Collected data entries
****

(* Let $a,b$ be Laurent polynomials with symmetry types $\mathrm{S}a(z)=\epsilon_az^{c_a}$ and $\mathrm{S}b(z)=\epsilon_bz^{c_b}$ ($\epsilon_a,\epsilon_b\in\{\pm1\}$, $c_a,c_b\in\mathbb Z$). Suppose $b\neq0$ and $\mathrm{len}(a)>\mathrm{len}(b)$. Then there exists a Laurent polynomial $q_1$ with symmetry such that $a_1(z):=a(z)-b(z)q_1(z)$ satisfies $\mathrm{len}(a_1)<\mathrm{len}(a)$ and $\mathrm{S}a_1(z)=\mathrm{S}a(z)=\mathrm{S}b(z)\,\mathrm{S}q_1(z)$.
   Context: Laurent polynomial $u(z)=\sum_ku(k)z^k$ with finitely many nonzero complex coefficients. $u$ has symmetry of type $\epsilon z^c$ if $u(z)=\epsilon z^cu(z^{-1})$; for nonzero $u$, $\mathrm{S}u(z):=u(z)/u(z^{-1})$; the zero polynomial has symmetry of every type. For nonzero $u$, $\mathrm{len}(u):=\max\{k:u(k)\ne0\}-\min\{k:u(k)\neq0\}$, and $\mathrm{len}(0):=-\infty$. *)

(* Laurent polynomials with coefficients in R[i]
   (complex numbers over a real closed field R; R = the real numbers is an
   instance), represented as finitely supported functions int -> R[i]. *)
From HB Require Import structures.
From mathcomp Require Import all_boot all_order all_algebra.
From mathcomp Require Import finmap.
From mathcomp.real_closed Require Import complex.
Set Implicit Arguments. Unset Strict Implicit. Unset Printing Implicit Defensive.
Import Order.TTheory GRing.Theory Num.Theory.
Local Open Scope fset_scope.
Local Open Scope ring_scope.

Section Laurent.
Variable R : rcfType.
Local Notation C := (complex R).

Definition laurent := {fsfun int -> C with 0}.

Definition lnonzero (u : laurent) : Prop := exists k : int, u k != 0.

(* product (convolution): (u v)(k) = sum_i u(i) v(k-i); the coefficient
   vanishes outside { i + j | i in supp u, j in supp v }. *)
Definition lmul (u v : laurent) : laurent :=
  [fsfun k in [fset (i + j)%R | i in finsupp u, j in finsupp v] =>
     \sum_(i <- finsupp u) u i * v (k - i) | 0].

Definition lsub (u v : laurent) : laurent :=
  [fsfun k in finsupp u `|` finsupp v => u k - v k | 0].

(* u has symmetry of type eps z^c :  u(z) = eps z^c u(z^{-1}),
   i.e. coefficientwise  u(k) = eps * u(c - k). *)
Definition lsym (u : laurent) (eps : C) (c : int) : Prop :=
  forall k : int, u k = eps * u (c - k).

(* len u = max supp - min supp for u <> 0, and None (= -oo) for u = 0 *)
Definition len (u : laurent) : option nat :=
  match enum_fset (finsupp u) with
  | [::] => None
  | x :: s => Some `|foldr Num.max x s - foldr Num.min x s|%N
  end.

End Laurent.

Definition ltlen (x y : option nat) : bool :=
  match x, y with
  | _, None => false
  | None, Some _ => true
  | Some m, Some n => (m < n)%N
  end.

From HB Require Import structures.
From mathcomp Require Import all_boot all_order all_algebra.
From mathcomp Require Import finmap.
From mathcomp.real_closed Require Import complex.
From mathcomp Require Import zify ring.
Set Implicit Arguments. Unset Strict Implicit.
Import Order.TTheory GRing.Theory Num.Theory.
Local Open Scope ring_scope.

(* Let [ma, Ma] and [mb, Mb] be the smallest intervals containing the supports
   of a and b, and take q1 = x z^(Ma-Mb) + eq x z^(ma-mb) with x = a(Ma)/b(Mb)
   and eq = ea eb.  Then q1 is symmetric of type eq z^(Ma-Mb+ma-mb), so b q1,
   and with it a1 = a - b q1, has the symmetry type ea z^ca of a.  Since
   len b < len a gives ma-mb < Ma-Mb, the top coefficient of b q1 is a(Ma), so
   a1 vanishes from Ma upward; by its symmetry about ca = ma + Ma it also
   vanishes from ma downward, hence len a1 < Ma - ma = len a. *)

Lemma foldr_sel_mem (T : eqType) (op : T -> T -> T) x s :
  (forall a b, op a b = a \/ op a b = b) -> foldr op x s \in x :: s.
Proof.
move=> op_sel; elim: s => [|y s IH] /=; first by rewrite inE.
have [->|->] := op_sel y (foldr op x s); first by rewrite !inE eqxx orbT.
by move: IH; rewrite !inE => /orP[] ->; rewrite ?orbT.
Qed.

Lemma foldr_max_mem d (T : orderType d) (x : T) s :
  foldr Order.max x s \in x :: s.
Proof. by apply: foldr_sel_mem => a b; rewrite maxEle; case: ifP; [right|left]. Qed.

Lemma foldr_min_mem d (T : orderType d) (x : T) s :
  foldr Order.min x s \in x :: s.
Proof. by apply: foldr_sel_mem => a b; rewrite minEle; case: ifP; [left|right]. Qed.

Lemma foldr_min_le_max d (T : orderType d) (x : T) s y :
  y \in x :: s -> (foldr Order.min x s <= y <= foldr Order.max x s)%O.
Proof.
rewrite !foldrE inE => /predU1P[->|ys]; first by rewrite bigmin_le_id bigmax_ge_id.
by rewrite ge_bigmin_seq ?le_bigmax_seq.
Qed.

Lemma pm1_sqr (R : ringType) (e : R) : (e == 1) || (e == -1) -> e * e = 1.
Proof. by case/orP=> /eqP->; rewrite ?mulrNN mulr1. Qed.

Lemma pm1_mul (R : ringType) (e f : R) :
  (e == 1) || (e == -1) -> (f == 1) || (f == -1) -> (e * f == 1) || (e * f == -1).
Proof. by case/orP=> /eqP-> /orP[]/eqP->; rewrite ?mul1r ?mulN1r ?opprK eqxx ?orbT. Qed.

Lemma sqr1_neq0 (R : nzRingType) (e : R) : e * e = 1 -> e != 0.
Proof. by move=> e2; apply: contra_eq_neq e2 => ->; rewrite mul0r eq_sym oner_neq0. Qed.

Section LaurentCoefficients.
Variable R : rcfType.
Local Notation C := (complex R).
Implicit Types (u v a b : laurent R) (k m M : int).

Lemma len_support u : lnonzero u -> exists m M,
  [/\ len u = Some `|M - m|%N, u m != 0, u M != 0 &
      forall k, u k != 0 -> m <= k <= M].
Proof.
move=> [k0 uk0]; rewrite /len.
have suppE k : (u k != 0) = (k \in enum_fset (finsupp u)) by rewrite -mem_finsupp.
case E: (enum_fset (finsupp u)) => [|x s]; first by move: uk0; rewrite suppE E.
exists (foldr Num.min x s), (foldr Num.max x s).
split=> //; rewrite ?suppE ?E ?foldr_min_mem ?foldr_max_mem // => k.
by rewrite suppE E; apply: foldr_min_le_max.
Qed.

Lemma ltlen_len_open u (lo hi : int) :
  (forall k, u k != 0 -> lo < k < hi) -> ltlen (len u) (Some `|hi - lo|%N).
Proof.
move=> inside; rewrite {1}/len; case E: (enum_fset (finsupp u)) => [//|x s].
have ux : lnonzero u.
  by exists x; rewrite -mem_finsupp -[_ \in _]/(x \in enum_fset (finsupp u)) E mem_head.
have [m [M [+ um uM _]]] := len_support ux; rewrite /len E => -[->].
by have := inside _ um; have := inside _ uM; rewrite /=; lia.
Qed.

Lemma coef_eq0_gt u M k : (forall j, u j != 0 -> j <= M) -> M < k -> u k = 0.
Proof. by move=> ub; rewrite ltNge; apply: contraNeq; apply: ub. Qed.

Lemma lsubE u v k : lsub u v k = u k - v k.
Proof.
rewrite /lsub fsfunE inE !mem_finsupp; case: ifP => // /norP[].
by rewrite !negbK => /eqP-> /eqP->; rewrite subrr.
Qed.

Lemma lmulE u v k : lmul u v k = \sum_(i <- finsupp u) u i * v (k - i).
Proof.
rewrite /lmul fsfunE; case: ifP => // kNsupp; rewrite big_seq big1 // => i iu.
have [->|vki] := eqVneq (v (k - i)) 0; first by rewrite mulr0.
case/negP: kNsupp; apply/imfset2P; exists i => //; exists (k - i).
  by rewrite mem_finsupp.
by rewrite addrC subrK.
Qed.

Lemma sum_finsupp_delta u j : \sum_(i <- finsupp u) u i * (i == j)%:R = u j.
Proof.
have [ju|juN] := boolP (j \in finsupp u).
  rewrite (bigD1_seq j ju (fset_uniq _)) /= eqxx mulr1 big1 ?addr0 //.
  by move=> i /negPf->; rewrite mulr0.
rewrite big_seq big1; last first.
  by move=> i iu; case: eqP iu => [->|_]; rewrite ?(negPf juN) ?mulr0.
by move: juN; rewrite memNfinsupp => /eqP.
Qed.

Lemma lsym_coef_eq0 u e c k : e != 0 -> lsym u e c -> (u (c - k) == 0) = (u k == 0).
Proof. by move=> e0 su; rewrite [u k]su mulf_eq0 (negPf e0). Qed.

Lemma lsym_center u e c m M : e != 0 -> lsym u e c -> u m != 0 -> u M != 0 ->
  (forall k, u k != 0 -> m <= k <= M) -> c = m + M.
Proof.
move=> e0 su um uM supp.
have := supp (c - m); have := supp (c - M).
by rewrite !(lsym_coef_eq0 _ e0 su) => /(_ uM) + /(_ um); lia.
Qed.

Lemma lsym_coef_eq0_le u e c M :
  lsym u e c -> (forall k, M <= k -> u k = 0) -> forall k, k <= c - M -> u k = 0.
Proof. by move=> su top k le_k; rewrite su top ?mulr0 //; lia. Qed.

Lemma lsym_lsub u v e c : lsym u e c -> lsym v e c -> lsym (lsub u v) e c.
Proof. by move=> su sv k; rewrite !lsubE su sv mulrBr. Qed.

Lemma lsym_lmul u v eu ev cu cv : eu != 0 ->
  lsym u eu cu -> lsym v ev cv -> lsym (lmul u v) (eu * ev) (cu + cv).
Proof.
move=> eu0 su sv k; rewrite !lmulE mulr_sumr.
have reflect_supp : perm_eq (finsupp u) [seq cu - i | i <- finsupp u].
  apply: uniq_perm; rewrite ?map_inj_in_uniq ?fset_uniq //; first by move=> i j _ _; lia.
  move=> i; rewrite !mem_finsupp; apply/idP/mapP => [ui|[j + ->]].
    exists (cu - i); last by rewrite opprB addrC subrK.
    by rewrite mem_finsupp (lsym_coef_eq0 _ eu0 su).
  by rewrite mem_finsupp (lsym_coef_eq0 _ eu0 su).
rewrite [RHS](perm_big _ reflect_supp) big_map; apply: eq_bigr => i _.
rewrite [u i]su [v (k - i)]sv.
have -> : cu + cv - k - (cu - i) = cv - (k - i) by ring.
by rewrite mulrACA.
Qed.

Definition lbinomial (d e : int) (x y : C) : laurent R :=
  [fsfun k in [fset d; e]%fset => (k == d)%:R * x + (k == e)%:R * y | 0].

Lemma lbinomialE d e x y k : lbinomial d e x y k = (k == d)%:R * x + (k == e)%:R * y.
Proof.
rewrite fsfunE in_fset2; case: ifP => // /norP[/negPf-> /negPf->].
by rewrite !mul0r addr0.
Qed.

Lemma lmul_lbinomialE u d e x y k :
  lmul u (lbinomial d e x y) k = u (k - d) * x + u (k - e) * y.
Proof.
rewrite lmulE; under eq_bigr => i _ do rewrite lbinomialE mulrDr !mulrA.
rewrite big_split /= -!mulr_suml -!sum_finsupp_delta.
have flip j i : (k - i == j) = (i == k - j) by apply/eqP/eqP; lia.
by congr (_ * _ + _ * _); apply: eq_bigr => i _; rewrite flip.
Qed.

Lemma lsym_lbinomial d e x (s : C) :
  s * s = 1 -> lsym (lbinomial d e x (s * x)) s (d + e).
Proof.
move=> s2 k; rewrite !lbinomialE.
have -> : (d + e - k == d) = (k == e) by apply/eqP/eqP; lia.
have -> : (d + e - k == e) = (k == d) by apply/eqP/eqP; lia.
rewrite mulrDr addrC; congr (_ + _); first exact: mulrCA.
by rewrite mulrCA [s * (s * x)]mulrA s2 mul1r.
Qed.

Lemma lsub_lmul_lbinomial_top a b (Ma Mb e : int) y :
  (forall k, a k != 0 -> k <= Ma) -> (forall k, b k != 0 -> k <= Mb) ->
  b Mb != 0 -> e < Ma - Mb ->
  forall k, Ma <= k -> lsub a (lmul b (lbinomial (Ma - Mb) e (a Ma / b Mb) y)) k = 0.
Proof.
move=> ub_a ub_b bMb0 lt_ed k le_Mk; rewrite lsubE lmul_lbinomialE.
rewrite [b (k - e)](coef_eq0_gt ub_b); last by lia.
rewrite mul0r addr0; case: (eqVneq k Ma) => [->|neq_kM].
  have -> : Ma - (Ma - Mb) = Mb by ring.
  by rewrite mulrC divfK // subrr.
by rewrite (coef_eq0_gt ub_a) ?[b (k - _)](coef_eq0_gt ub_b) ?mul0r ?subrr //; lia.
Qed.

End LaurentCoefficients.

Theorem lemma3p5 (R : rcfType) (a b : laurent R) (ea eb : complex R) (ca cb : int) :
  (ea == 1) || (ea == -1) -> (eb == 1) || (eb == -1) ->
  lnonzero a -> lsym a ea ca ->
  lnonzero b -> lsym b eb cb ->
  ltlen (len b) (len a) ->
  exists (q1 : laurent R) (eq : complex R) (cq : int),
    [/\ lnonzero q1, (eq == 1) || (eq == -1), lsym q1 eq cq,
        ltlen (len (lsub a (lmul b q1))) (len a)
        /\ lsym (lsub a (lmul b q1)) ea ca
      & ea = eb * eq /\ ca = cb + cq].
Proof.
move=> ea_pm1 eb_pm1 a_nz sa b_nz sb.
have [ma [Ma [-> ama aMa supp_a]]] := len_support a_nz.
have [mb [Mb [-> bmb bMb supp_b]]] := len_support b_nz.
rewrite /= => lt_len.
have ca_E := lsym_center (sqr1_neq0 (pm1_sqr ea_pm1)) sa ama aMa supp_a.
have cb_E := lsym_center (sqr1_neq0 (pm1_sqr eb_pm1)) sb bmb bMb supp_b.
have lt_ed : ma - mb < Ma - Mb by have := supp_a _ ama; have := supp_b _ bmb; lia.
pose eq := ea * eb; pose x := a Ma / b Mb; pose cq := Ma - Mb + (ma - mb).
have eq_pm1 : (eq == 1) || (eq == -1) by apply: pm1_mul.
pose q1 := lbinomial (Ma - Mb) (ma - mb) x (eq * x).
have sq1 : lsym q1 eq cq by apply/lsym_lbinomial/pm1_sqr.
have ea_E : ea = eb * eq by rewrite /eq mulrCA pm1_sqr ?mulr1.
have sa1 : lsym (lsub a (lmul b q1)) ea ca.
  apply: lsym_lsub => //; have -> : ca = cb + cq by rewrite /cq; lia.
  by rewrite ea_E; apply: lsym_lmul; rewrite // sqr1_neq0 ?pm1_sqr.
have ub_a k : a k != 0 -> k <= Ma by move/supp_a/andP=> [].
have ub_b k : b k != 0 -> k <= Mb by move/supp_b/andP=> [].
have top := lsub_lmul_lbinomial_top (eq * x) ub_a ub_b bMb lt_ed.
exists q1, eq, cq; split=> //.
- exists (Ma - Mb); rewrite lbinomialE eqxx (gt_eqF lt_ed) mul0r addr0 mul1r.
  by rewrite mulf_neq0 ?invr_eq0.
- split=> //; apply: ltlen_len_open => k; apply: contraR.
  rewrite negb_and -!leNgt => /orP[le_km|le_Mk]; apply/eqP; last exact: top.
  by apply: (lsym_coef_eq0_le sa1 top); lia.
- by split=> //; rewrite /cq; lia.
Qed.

****

TASK GOAL.
Output only the lines from the top of the entries through the one holding "Definition lsub (u", copied exactly.

EXPECTED ANSWER.
(* Let $a,b$ be Laurent polynomials with symmetry types $\mathrm{S}a(z)=\epsilon_az^{c_a}$ and $\mathrm{S}b(z)=\epsilon_bz^{c_b}$ ($\epsilon_a,\epsilon_b\in\{\pm1\}$, $c_a,c_b\in\mathbb Z$). Suppose $b\neq0$ and $\mathrm{len}(a)>\mathrm{len}(b)$. Then there exists a Laurent polynomial $q_1$ with symmetry such that $a_1(z):=a(z)-b(z)q_1(z)$ satisfies $\mathrm{len}(a_1)<\mathrm{len}(a)$ and $\mathrm{S}a_1(z)=\mathrm{S}a(z)=\mathrm{S}b(z)\,\mathrm{S}q_1(z)$.
   Context: Laurent polynomial $u(z)=\sum_ku(k)z^k$ with finitely many nonzero complex coefficients. $u$ has symmetry of type $\epsilon z^c$ if $u(z)=\epsilon z^cu(z^{-1})$; for nonzero $u$, $\mathrm{S}u(z):=u(z)/u(z^{-1})$; the zero polynomial has symmetry of every type. For nonzero $u$, $\mathrm{len}(u):=\max\{k:u(k)\ne0\}-\min\{k:u(k)\neq0\}$, and $\mathrm{len}(0):=-\infty$. *)

(* Laurent polynomials with coefficients in R[i]
   (complex numbers over a real closed field R; R = the real numbers is an
   instance), represented as finitely supported functions int -> R[i]. *)
From HB Require Import structures.
From mathcomp Require Import all_boot all_order all_algebra.
From mathcomp Require Import finmap.
From mathcomp.real_closed Require Import complex.
Set Implicit Arguments. Unset Strict Implicit. Unset Printing Implicit Defensive.
Import Order.TTheory GRing.Theory Num.Theory.
Local Open Scope fset_scope.
Local Open Scope ring_scope.

Section Laurent.
Variable R : rcfType.
Local Notation C := (complex R).

Definition laurent := {fsfun int -> C with 0}.

Definition lnonzero (u : laurent) : Prop := exists k : int, u k != 0.

(* product (convolution): (u v)(k) = sum_i u(i) v(k-i); the coefficient
   vanishes outside { i + j | i in supp u, j in supp v }. *)
Definition lmul (u v : laurent) : laurent :=
  [fsfun k in [fset (i + j)%R | i in finsupp u, j in finsupp v] =>
     \sum_(i <- finsupp u) u i * v (k - i) | 0].

Definition lsub (u v : laurent) : laurent :=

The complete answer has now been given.